DATA LISTING:
(* Let $A, B \in U(2)$ with $\det(A)\det(B) = 1$, and let $G(A,B)$ be the corresponding parity-preserving two-qubit unitary. Then there exist real numbers $\tau_1,\tau_2,\tau_3,\tau_4,a,b,c$ such that $$G(A,B) = G\bigl(R_z(\tau_1), R_z(\tau_2)\bigr)\, e^{\,i(a\, X\otimes X + b\, Y\otimes Y + c\, Z\otimes Z)}\, G\bigl(R_z(\tau_3), R_z(\tau_4)\bigr).$$
   Context: For $2\times 2$ matrices $A=(A_{ij})$ and $B=(B_{ij})$, $G(A,B)$ denotes the $4\times 4$ matrix, in the computational basis $\{|00\rangle,|01\rangle,|10\rangle,|11\rangle\}$ of two qubits, given by $$G(A,B)=\begin{pmatrix} A_{11}&0&0&A_{12}\\ 0&B_{11}&B_{12}&0\\ 0&B_{21}&B_{22}&0\\ A_{21}&0&0&A_{22}\end{pmatrix},$$ i.e. $A$ acts on the even-parity subspace spanned by $|00\rangle,|11\rangle$ and $B$ on the odd-parity subspace spanned by $|01\rangle,|10\rangle$. A parity-preserving (P.P.) unitary is a unitary of this form (so $A,B$ are unitary). $X,Y,Z$ are the Pauli matrices, and $R_z(\theta)=\mathrm{diag}(e^{i\theta},e^{-i\theta})$. *)

From HB Require Import structures.
From mathcomp Require Import all_boot all_order all_algebra.
From mathcomp Require Import complex mxtens.
From mathcomp Require Import all_classical all_reals all_analysis.
Set Implicit Arguments. Unset Strict Implicit. Unset Printing Implicit Defensive.
Import Order.TTheory GRing.Theory Num.Theory numFieldNormedType.Exports.
Local Open Scope ring_scope.
Local Open Scope complex_scope.

Section QDefs.
Variable R : realType.
Local Notation C := (R[i]).

Definition expi (t : R) : C := cos t +i* sin t.

Definition expm (n : nat) (M : 'M[C]_n) : 'M[C]_n :=
  \matrix_(j, k) limn ((fun N => (\sum_(m < N) (m`!%:R)^-1 *: M ^+ m) j k)
                        : nat -> (C : numFieldType)).

Definition adjmx (m n : nat) (M : 'M[C]_(m, n)) : 'M[C]_(n, m) := (map_mx conjc M)^T.
Definition unitary (n : nat) (M : 'M[C]_n) : Prop := M *m adjmx M = 1%:M.

Definition PauliX : 'M[C]_2 := \matrix_(i, j) (if i == j then 0 else 1).
Definition PauliY : 'M[C]_2 :=
  \matrix_(i, j) (if i == j then 0 else if i == ord0 then - (0 +i* 1) else (0 +i* 1)).
Definition PauliZ : 'M[C]_2 :=
  \matrix_(i, j) (if i == j then (if i == ord0 then 1 else -1) else 0).

Definition Rz (t : R) : 'M[C]_2 :=
  \matrix_(i, j) (if i == j then (if i == ord0 then expi t else expi (- t)) else 0).

(* G(A,B) in the basis |00>,|01>,|10>,|11> (indices 0,1,2,3) *)
Definition Gmx (A B : 'M[C]_2) : 'M[C]_(2 * 2) :=
  \matrix_(i, j)
    match nat_of_ord i, nat_of_ord j with
    | 0, 0 => A ord0 ord0    | 0, 3 => A ord0 ord_max
    | 3, 0 => A ord_max ord0 | 3, 3 => A ord_max ord_max
    | 1, 1 => B ord0 ord0    | 1, 2 => B ord0 ord_max
    | 2, 1 => B ord_max ord0 | 2, 2 => B ord_max ord_max
    | _, _ => 0
    end.

End QDefs.

From HB Require Import structures.
From mathcomp Require Import all_boot all_order all_algebra.
From mathcomp Require Import complex mxtens.
From mathcomp Require Import all_classical all_reals all_analysis.
From mathcomp Require Import ring lra.
Import Order.TTheory GRing.Theory Num.Theory numFieldNormedType.Exports.
Local Open Scope ring_scope.
Local Open Scope complex_scope.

EXERCISE: Given the records above, reproduce precisely and only the lines between the line holding "B ord0 ord_max" and the line holding "From mathcomp Require Import ring lra.", inclusive.

RESPONSE BELOW:
    | 1, 1 => B ord0 ord0    | 1, 2 => B ord0 ord_max
    | 2, 1 => B ord_max ord0 | 2, 2 => B ord_max ord_max
    | _, _ => 0
    end.

End QDefs.

From HB Require Import structures.
From mathcomp Require Import all_boot all_order all_algebra.
From mathcomp Require Import complex mxtens.
From mathcomp Require Import all_classical all_reals all_analysis.
From mathcomp Require Import ring lra.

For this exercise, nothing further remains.